China’s largest duty-free group stages Hong Kong listing despite zero-Covid


Travel retail large China Tourism Group Duty Free has raised $2.1bn in a downsized Hong Kong share supply, as a sweeping Covid-19 lockdown within the tropical island province often known as “China’s Hawaii” wreaked havoc on the corporate’s largest market.

The world’s largest retailer of tax-exempt wine, cosmetics and luxurious items priced 102.8mn shares at HK$158 (US$20.14) every, coming in properly beneath a most supply worth of HK$168 and marking a reduction of greater than 27 per cent on the closing worth of the duty-free group’s Shanghai-listed shares on Thursday.

That discount additionally got here as CTG’s Shanghai stock has dropped nearly 10 per cent over the previous month.
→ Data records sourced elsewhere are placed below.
(* Let $F$ be a minimally unsatisfiable clause-set with no 1-singular variables. Then the sets of variables of maximal singular tuples for $F$ are exactly the minimal transversals of the singularity hypergraph $\mathrm{shyp}(F)$ (the inclusion-minimal sets of vertices meeting every hyperedge), and the maximal singular tuples for $F$ are exactly the arbitrary linear orderings of these minimal transversals.
   Context: Literals are variables $v$ and complements $\overline{v}$; a clause is a finite set of literals with no complementary pair; a clause-set is a finite set of clauses; $\mathrm{var}(F)$ is the set of variables of $F$ and $\mathrm{var}(L)$ the set of variables underlying a literal set $L$; $\mathrm{ldeg}_F(x)$ is the number of clauses of $F$ containing literal $x$. $\mathrm{DP}_v(F) := \{C \in F : v \notin \mathrm{var}(C)\} \cup \{(C \cup D)\setminus\{v,\overline{v}\} : C, D \in F,\ C \cap \overline{D} = \{v\}\}$; $\mathrm{DP}_{v_1,\dots,v_k}(F)$ applies these in order. A variable $v$ is singular for $F$ if $\min(\mathrm{ldeg}_F(v),\mathrm{ldeg}_F(\overline{v}))=1$; it is 1-singular if $\mathrm{ldeg}_F(v)=\mathrm{ldeg}_F(\overline{v})=1$; $F$ is nonsingular if it has no singular variables. For minimally unsatisfiable $F$, a tuple $(v_1,\dots,v_n)$ is a singular tuple for $F$ if each $v_i$ is singular for $\mathrm{DP}_{v_1,\dots,v_{i-1}}(F)$, and it is maximal if $\mathrm{DP}_{v_1,\dots,v_n}(F)$ is nonsingular. When $F$ has no 1-singular variables, each singular variable $v$ has a unique singular literal $x_v$ (the literal of $v$ with $\mathrm{ldeg}_F(x_v)=1$); let $L$ be the set of these. The singularity hypergraph $\mathrm{shyp}(F)$ has vertex set $\mathrm{var}(F)$ and hyperedges $\mathrm{var}(C\cap L)$ for all $C\in F$ with $C\cap L\neq\emptyset$. *)

From mathcomp Require Import all_boot.
Set Implicit Arguments. Unset Strict Implicit. Unset Printing Implicit Defensive.

(* Variables range over a finite type V.  A literal is a pair (v, b):
   (v, true) is the positive literal v, (v, false) its complement. *)
Section Clauses.
Variable V : finType.

Definition lit := (V * bool)%type.
Definition compl (x : lit) : lit := (x.1, ~~ x.2).
Definition compl_set (C : {set lit}) : {set lit} := [set compl x | x in C].
Definition varC (C : {set lit}) : {set V} := [set x.1 | x in C].
Definition varF (F : {set {set lit}}) : {set V} := \bigcup_(C in F) varC C.

Definition is_clause (C : {set lit}) : bool := [forall x in C, compl x \notin C].
Definition is_clauseset (F : {set {set lit}}) : bool := [forall C in F, is_clause C].

Definition ldeg (F : {set {set lit}}) (x : lit) : nat := #|[set C in F | x \in C]|.

Definition DP (v : V) (F : {set {set lit}}) : {set {set lit}} :=
  [set C in F | v \notin varC C] :|:
  [set (C :|: D) :\: [set (v, true); (v, false)] | C in F, D in F
     & C :&: compl_set D == [set (v, true)]].

Definition DPs (s : seq V) (F : {set {set lit}}) : {set {set lit}} :=
  foldl (fun G v => DP v G) F s.

Definition satisfies (a : V -> bool) (F : {set {set lit}}) : Prop :=
  forall C, C \in F -> exists2 x, x \in C & a x.1 = x.2.
Definition satisfiable (F : {set {set lit}}) : Prop := exists a : V -> bool, satisfies a F.
Definition min_unsat (F : {set {set lit}}) : Prop :=
  ~ satisfiable F /\ forall C, C \in F -> satisfiable (F :\ C).

Definition singular (F : {set {set lit}}) (v : V) : bool :=
  minn (ldeg F (v, true)) (ldeg F (v, false)) == 1.
Definition one_singular (F : {set {set lit}}) (v : V) : bool :=
  (ldeg F (v, true) == 1) && (ldeg F (v, false) == 1).
Definition nonsingular (F : {set {set lit}}) : Prop := forall v, ~~ singular F v.

Fixpoint singular_tuple (F : {set {set lit}}) (s : seq V) : Prop :=
  match s with
  | [::] => True
  | v :: s' => singular F v /\ singular_tuple (DP v F) s'
  end.
Definition maximal_singular_tuple (F : {set {set lit}}) (s : seq V) : Prop :=
  singular_tuple F s /\ nonsingular (DPs s F).

(* the singular literals L (meaningful when F has no 1-singular variables) *)
Definition sing_lits (F : {set {set lit}}) : {set lit} :=
  [set x | singular F x.1 & ldeg F x == 1].

(* hyperedges of shyp(F); its vertex set is varF F *)
Definition shyp_edges (F : {set {set lit}}) : {set {set V}} :=
  [set varC (C :&: sing_lits F) | C in F & C :&: sing_lits F != set0].

Definition is_transversal (F : {set {set lit}}) (T : {set V}) : Prop :=
  T \subset varF F /\ forall E, E \in shyp_edges F -> E :&: T != set0.
Definition is_min_transversal (F : {set {set lit}}) (T : {set V}) : Prop :=
  is_transversal F T /\ forall T' : {set V}, T' \proper T -> ~ is_transversal F T'.

End Clauses.

From mathcomp Require Import all_boot zify.
Set Implicit Arguments. Unset Strict Implicit. Unset Printing Implicit Defensive.

(* Let [v] be singular for a minimally unsatisfiable [F] without 1-singular
   variables: its singular literal [x] lies in exactly one clause [C], and
   [compl x] in at least two clauses.  Minimal unsatisfiability forces [C] to
   clash with every partner [D] (clause containing [compl x]) exactly on [v],
   distinct partners to give distinct resolvents, and no resolvent to be a clause
   of [F] already.  Hence [DP v F] is again minimally unsatisfiable, literals
   outside [C] keep their degree and those of [C] get degree at least 2: the
   singular literals of [DP v F] are those of [F] outside [C], and shyp loses
   exactly the edge of [C], the one through [v].
   Without 1-singular variables the edges of shyp are pairwise disjoint, so the
   maximal singular tuples are the orderings of the sets meeting every edge in
   exactly one vertex, and for a disjoint hypergraph these are exactly the
   minimal transversals. *)

Section Literals.
Variable V : finType.
Implicit Types (F G : {set {set lit V}}) (C D E : {set lit V}) (y z : lit V).

Lemma complK : involutive (@compl V).
Proof. by case=> a b; rewrite /compl /= negbK. Qed.

Lemma compl_inj : injective (@compl V).
Proof. exact: inv_inj complK. Qed.

Lemma in_compl_set y D : (y \in compl_set D) = (compl y \in D).
Proof.
apply/imsetP/idP => [[z Hz ->]|H]; first by rewrite complK.
by exists (compl y); rewrite ?complK.
Qed.

Lemma varCP w E : reflect (exists2 z, z \in E & z.1 = w) (w \in varC E).
Proof. by apply: (iffP imsetP) => [[z Hz ->]|[z Hz <-]]; exists z. Qed.

Lemma mem_varC E z : z \in E -> z.1 \in varC E.
Proof. by move=> Hz; apply/varCP; exists z. Qed.

Lemma same_var_lit y z : y.1 = z.1 -> z = y \/ z = compl y.
Proof. by case: y z => a b [c d] /= ->; case: b; case: d; rewrite /compl /=; auto. Qed.

Lemma in_var_pair (v : V) y : (y \in [set (v, true); (v, false)]) = (y.1 == v).
Proof.
by case: y => a b; rewrite !inE !xpair_eqE /=; case: b; rewrite ?andbT ?andbF ?orbF.
Qed.

Lemma clause_compl_notin E y : is_clause E -> y \in E -> compl y \notin E.
Proof. by move=> /forall_inP H /H. Qed.

Lemma clauseset_clause F E : is_clauseset F -> E \in F -> is_clause E.
Proof. by move=> /forall_inP H /H. Qed.

Lemma clash_sym C D y :
  C :&: compl_set D = [set y] -> D :&: compl_set C = [set compl y].
Proof.
move/setP=> H; apply/setP => z; have := H (compl z).
rewrite !inE !in_compl_set complK andbC => ->.
by rewrite -{1}[y]complK (inj_eq compl_inj).
Qed.

Lemma ldeg1_clause F y : ldeg F y = 1 -> exists2 E, E \in F & y \in E.
Proof.
rewrite /ldeg => /eqP /cards1P [C0 HC0].
have: C0 \in [set C in F | y \in C] by rewrite HC0 set11.
by rewrite inE => /andP[]; exists C0.
Qed.

Lemma ldeg1_clause_uniq F y E E' : ldeg F y = 1 ->
  E \in F -> y \in E -> E' \in F -> y \in E' -> E' = E.
Proof.
rewrite /ldeg => /eqP /cards1P [C0 HC0] HE HyE HE' HyE'.
have: E \in [set C in F | y \in C] by rewrite inE HE HyE.
have: E' \in [set C in F | y \in C] by rewrite inE HE' HyE'.
by rewrite HC0 !inE => /eqP -> /eqP ->.
Qed.

Lemma ldeg_gt0 F y E : E \in F -> y \in E -> 0 < ldeg F y.
Proof. by move=> HE Hy; apply/card_gt0P; exists E; rewrite inE HE Hy. Qed.

Lemma singular_lit F z : singular F z.1 = (minn (ldeg F z) (ldeg F (compl z)) == 1).
Proof. by case: z => a [|]; rewrite /singular /compl //= minnC. Qed.

Lemma sing_litsE F z : (z \in sing_lits F) = singular F z.1 && (ldeg F z == 1).
Proof. by rewrite inE. Qed.

Lemma sing_lit_clause_uniq F z E E' : z \in sing_lits F ->
  E \in F -> z \in E -> E' \in F -> z \in E' -> E' = E.
Proof. by rewrite sing_litsE => /andP[_ /eqP]; apply: ldeg1_clause_uniq. Qed.

(* A variable that is not 1-singular has at most one singular literal. *)
Lemma sing_var_clause_uniq F z z' E E' : (forall w, ~~ one_singular F w) ->
  E \in F -> z \in E :&: sing_lits F -> E' \in F -> z' \in E' :&: sing_lits F ->
  z.1 = z'.1 -> E' = E.
Proof.
move=> Hno HE /setIP[Hz Hzs] HE' /setIP[Hz' Hz's] /same_var_lit[Ez|Ez].
  by apply: (sing_lit_clause_uniq Hzs) => //; rewrite -Ez.
move: (Hno z.1) Hzs Hz's; rewrite Ez !sing_litsE /one_singular.
case: z {Ez Hz} => a b /= /negP Hn /andP[_ H1] /andP[_ H2].
by rewrite /compl /= in H2; exfalso; apply: Hn; case: b H1 H2 => /= -> ->.
Qed.

Lemma unsat_removed_falsified F D a : ~ satisfiable F -> D \in F ->
  satisfies a (F :\ D) -> forall z, z \in D -> a z.1 != z.2.
Proof.
move=> HF HD Ha z Hz; apply/negP => /eqP Hza; apply: HF; exists a => E HE.
by case: (eqVneq E D) => [->|ne]; [exists z | apply: Ha; rewrite !inE ne].
Qed.

End Literals.

Section SingularElimination.
Variable V : finType.
Variables (G : {set {set lit V}}) (v : V) (x : lit V) (C : {set lit V}).
Hypotheses (HG : is_clauseset G) (HMU : min_unsat G) (Hxv : x.1 = v)
  (HC : C \in G) (HxC : x \in C) (Hdx : ldeg G x = 1)
  (Hk : 2 <= ldeg G (compl x)) (Hno : forall w, ~~ one_singular G w).
Implicit Types (A B D E : {set lit V}) (y z : lit V).
Lemma wtH_ge0 f : 0 <= wtH H tau f.
Proof. by apply: fine_ge0; rewrite le_min tau_ge0 lee_fin ltW. Qed.

Lemma pweight_subseq s1 s2 :
  subseq (pedges s1) (pedges s2) -> pweight H tau s1 <= pweight H tau s2.
Proof.
rewrite /pweight; elim: (pedges s2) (pedges s1) => [|b l IH] [|a l'] //=.
  by move=> _; rewrite big_nil; apply: sumr_ge0 => f _; apply: wtH_ge0.
case: eqP => [->|_] sub; rewrite [X in _ <= X]big_cons.
  by rewrite big_cons lerD2l IH.
by rewrite (le_trans (IH _ sub)) // ler_wpDl ?wtH_ge0.
Qed.

Lemma pweight_rev s : sorted adj s -> pweight H tau (rev s) = pweight H tau s.
Proof. by move=> s_sorted; rewrite /pweight pedges_rev // big_rev. Qed.

Lemma pweight_splice u v p s q : is_walk u v s ->
  pweight H tau (p ++ s ++ q) =
  pweight H tau (rcons p u) + pweight H tau s + pweight H tau (v :: q).
Proof.
by move=> s_walk; rewrite /pweight (pedges_splice _ _ s_walk) !big_cat /= addrA.
Qed.

Lemma geod_rev x y g : geod H tau predT x y g -> geod H tau predT y x (rev g).
Proof.
case=> g_path _ g_min; split; [exact: is_path_uv_rev | exact: all_predT |].
move=> s s_path _; have /and4P [_ g_sorted _ _] := g_path.
have /and4P [_ s_sorted _ _] := is_path_uv_rev s_path.
rewrite pweight_rev // -(revK s) pweight_rev //.
exact: g_min (is_path_uv_rev s_path) (all_predT _).
Qed.
Lemma holds_on_imfset E S : S `<=` B -> holds_on r E S -> holds_on rU E (f @` S).
Proof.
move=> SB /existsP [t /andP [tinj rt]].
have ftS i : f (val (t i)) \in f @` S by apply: in_imfset; exact: valP.
have tB i : val (t i) \in B by apply: (fsubsetP SB); exact: valP.
apply/existsP; exists [ffun i => [` ftS i]]; apply/andP; split.
  apply/injectiveP => i j; rewrite !ffunE => /(congr1 val) /= /(femb.1 _ _ (tB i) (tB j)).
  by move/val_inj; apply: (injectiveP _ tinj).
rewrite (_ : (fun i => _) = fun i => f (val (t i))); last by apply: funext => i; rewrite ffunE.
by rewrite (femb.2 E (fun i => val (t i))).
Qed.

Lemma N_E_imfset E : (N_E r E B <= N_E rU E (f @` B))%nat.
Proof.
have img_inj : {in holding_subsets r E B &, injective (fun S => f @` S)}.
  move=> S1 S2; rewrite !mem_holding_subsets => /and3P[S1B _ _] /and3P[S2B _ _].
  exact: imfset_in_inj femb.1 S1B S2B.
rewrite !N_E_card; move/card_in_imfsetP/eqP: img_inj => <-.
apply/fsubset_leq_card/fsubsetP => _ /imfsetP [S /= + ->].
rewrite !mem_holding_subsets => /and3P [SB cardS holdS].
have /card_in_imfsetP/eqP -> : {in S &, injective f}.
  by move=> x y xS yS; apply: femb.1; apply: (fsubsetP SB).
rewrite cardS holds_on_imfset // !andbT.
by apply/fsubsetP => _ /imfsetP [x /= xS ->]; apply/in_imfset/(fsubsetP SB).
Qed.

Lemma delta_imfset : delta alpha rU (f @` B) <= delta alpha r B.
Proof.
rewrite /Defs.delta; have /card_in_imfsetP/eqP -> := femb.1.
rewrite lerD2l lerN2; apply: ler_sum => E _.
by rewrite ler_wpM2l // ler_nat N_E_imfset.
Qed.

End Embedding.
End Predimension.

Section Model.
Variables (L : finType) (ar : L -> nat) (alpha : L -> R).
Hypothesis alpha_ge0 : forall E, 0 <= alpha E.
Variables (M : choiceType) (rM : interp ar M).
Arguments rM : clear implicits.
Hypothesis hM : model_S alpha rM.
Local Notation delta := (delta alpha rM).
Local Notation form := (Defs.form ar).

Lemma delta_ge0 A : 0 <= delta A.
Proof. by have [_] := hM.1 A; apply; apply: fsubset_refl. Qed.

Lemma strong_of_delta0 B C : delta B = 0 -> B `<=` C -> strong alpha rM B C.
Proof. by move=> dB0 BC; split => // A' _ _; rewrite dB0 delta_ge0. Qed.

Hypothesis hd : forall A, dM alpha rM A = 0.
Hypothesis hcl : finite_closures alpha rM.

Lemma zero_delta_superset A : exists C, A `<=` C /\ delta C = 0.
Proof.
have [C0 [AC0 sC0]] := hcl A.
pose Ds := [seq D <- enum_fset (fpowerset C0) | A `<=` D].
have C0_Ds : C0 \in Ds by rewrite mem_filter AC0 fpowersetE fsubset_refl.
have [|D0 + D0min] := exists_seq_minimizer delta (s := Ds).
  by apply: contraTneq C0_Ds => ->.
rewrite mem_filter => /andP [AD0 _]; exists D0; split => //.
apply/eqP; rewrite eq_le delta_ge0 andbT -(hd A).
apply: lb_le_inf; first by exists (delta C0), C0.
move=> _ [C [AC _] <-]; apply: le_trans (delta_fsetI_strongM alpha_ge0 _ sC0).
by apply: D0min; rewrite mem_filter fsubsetI AC AC0 fpowersetE fsubsetIr.
Qed.

Definition zero_emb (f : M -> M) (B : {fset M}) := delta B = 0 /\ embeds rM rM B f.

Lemma zero_emb_extend f B m :
  zero_emb f B -> exists g C, [/\ zero_emb g C, B `<=` C, m \in C & {in B, g =1 f}].
Proof.
move=> [dB0 femb].
have [C [mBC dC0]] := zero_delta_superset (m |` B).
have BC : B `<=` C by apply: fsubset_trans mBC; apply: fsubsetU1.
have [g [gemb gf]] := hM.2 M rM B C (hM.1 C) (strong_of_delta0 dB0 BC) f femb.
by exists g, C; split => //; apply: (fsubsetP mBC); apply: fset1U1.
Qed.

Definition inv_on (f : M -> M) (B : {fset M}) (y : M) : M :=
  nth y (enum_fset B) (find (fun b => f b == y) (enum_fset B)).

Lemma inv_onK f B : {in B &, injective f} -> {in B, cancel f (inv_on f B)}.
Proof.
move=> finj b bB; have hasb : has (fun b' => f b' == f b) (enum_fset B).
  by apply/hasP; exists b.
apply: finj => //; first by rewrite /inv_on mem_nth -?has_find.
exact/eqP/(nth_find _ hasb).
Qed.

Lemma zero_emb_inv f B : zero_emb f B -> zero_emb (inv_on f B) (f @` B).
Proof.
move=> [dB0 femb]; have [finj frel] := femb; have invK := inv_onK finj.
have invP y : y \in f @` B -> inv_on f B y \in B /\ f (inv_on f B y) = y.
  by case/imfsetP => x /= xB ->; rewrite invK.
split.
  by apply/eqP; rewrite eq_le delta_ge0 andbT -dB0 (delta_imfset alpha_ge0 femb).
split.
  by move=> _ _ /imfsetP [x /= xB ->] /imfsetP [y /= yB ->]; rewrite !invK // => ->.
move=> E t tfB; have -> : rM E t = rM E (fun i => f (inv_on f B (t i))).
  by congr (rM E _); apply: funext => i; rewrite (invP _ (tfB i)).2.
by rewrite frel // => i; case: (invP _ (tfB i)).
Qed.

Definition agree_on (f : M -> M) (B : {fset M}) (s s' : nat -> M) (xs : seq nat) :=
  {in xs, forall i, s i \in B /\ s' i = f (s i)}.

Lemma sat_FEx_zero_emb x (p : form) :
    (forall f B s s', zero_emb f B -> agree_on f B s s' (fv p) ->
      sat rM s p -> sat rM s' p) ->
  forall f B s s', zero_emb f B -> agree_on f B s s' (fv (FEx x p)) ->
    sat rM s (FEx x p) -> sat rM s' (FEx x p).
Proof.
move=> IH f B s s' fB ag [m sm].
have [g [C [gC BC mC gf]]] := zero_emb_extend m fB.
exists (g m); apply: IH gC _ sm => i ifv /=.
case: eqVneq => [_|ix]; first by split.
have [sB ->] : s i \in B /\ s' i = f (s i) by apply: ag; rewrite mem_filter /= ix.
by split; [apply: (fsubsetP BC) | rewrite gf].
Qed.

Lemma sat_zero_emb (phi : form) f B s s' :
  zero_emb f B -> agree_on f B s s' (fv phi) -> sat rM s phi <-> sat rM s' phi.
Proof.
elim: phi f B s s' => [i j|E v|p IH|p IHp q IHq|x p IH] f B s s' fB ag /=.
- have [si ->] := ag i (mem_head _ _).
  have [sj ->] : s j \in B /\ s' j = f (s j) by apply: ag; rewrite !inE eqxx orbT.
  by split => [->|/(fB.2.1 _ _ si sj)].
- have vB k : s (v k) \in B /\ s' (v k) = f (s (v k)).
    by apply: ag; apply: map_f; rewrite mem_enum.
  rewrite (_ : (fun k => s' (v k)) = fun k => f (s (v k))).
    by rewrite (fB.2.2 E (fun k => s (v k))) // => k; case: (vB k).
  by apply: funext => k; rewrite (vB k).2.
- by rewrite (IH f B s s' fB ag).
- by rewrite (IHp f B s s') ?(IHq f B s s') // => i ifv; apply: ag; rewrite mem_cat ifv ?orbT.
- have IH1 f' B' s1 s2 := fun fB' ag' => (IH f' B' s1 s2 fB' ag').1.
  split; first exact: sat_FEx_zero_emb IH1 _ _ _ _ fB ag.
  apply: sat_FEx_zero_emb IH1 _ _ _ _ (zero_emb_inv fB) _ => i /ag [sB ->].
  by split; [exact: in_imfset | rewrite inv_onK //; exact: fB.2.1].
Qed.

End Model.

Section Formulas.
Variables (L : finType) (ar : L -> nat).
Local Notation form := (Defs.form ar).

Definition ftrue : form := FEx 0 (FEq 0 0).

Fixpoint bigAnd (ps : seq form) : form :=
  if ps is p :: ps' then FAnd p (bigAnd ps') else ftrue.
The firm, which has a near-monopoly on the Chinese market, additionally sells tax-exempt items domestically.

CTG had obtained approval to checklist in Hong Kong on August 9, days after surging Covid-19 circumstances prompted mainland authorities to lock down the highest vacationer vacation spot in Hainan, CTG’s main supply of gross sales revenues.

The enforcement of President Xi Jinping’s zero-Covid coverage within the vacation hotspot of Sanya has pummelled financial exercise in Hainan, which accounted for 72 per cent of CTG’s gross sales within the three months to the top of March.

The province had beforehand benefited from Covid-19 journey restrictions imposed in 2020, which compelled many of the nation’s largest spenders to vacation inside China, the place just about all of CTG’s retailers are positioned.

But the most recent lockdown, which has run for almost two weeks, is the largest in China because the two-month shutdown of Shanghai earlier this yr and has left tens of hundreds of holidaymakers trapped in quarantine in Sanya, which is as well-known domestically for its duty-free luxurious buying as its five-star seaside resorts.

Authorities have scrambled to include the Covid outbreaks, with native media publishing images of officers in hazmat fits swabbing the throats of fish freshly caught off the island’s coast to verify for the virus.

CTG famous in its prospectus that Hainan passenger site visitors within the second quarter was down 60 per cent from a yr in the past because of a two-month lockdown in Shanghai, warning {that a} resurgence in circumstances may affect revenues.

But it assured buyers that the extremely contagious Omicron variant was “under effective control and the government is devoted to speeding up economic recovery and the resumption of business activities”.

The subdued exhibiting for CTG’s Hong Kong listing got here despite further help from a set of cornerstone buyers together with funds run by China’s central authorities, delivery conglomerate Cosco Shipping and the Shanghai airport’s funding arm, whose mixed share purchases accounted for roughly 40 per cent of the providing.

Analysts at Citigroup stated that past the short-term affect of the Sanya lockdown, CTG’s “mid-to-long-term structural growth remains intact” because of home journey demand, progress in onshore spending and “unparalleled operation capabilities”.

CTG had beforehand deliberate to lift as a lot as $5bn in Hong Kong final December however postponed listing plans as new restrictions on offshore IPOs despatched share costs for lots of the largest listed Chinese teams plunging.

But the downsized haul of $2.1bn nonetheless represents the largest listing this yr for Hong Kong, which has struggled to draw Chinese corporations due to the crackdown on offshore share gross sales. IPO fundraising within the metropolis was down about 90 per cent within the first six months of the yr.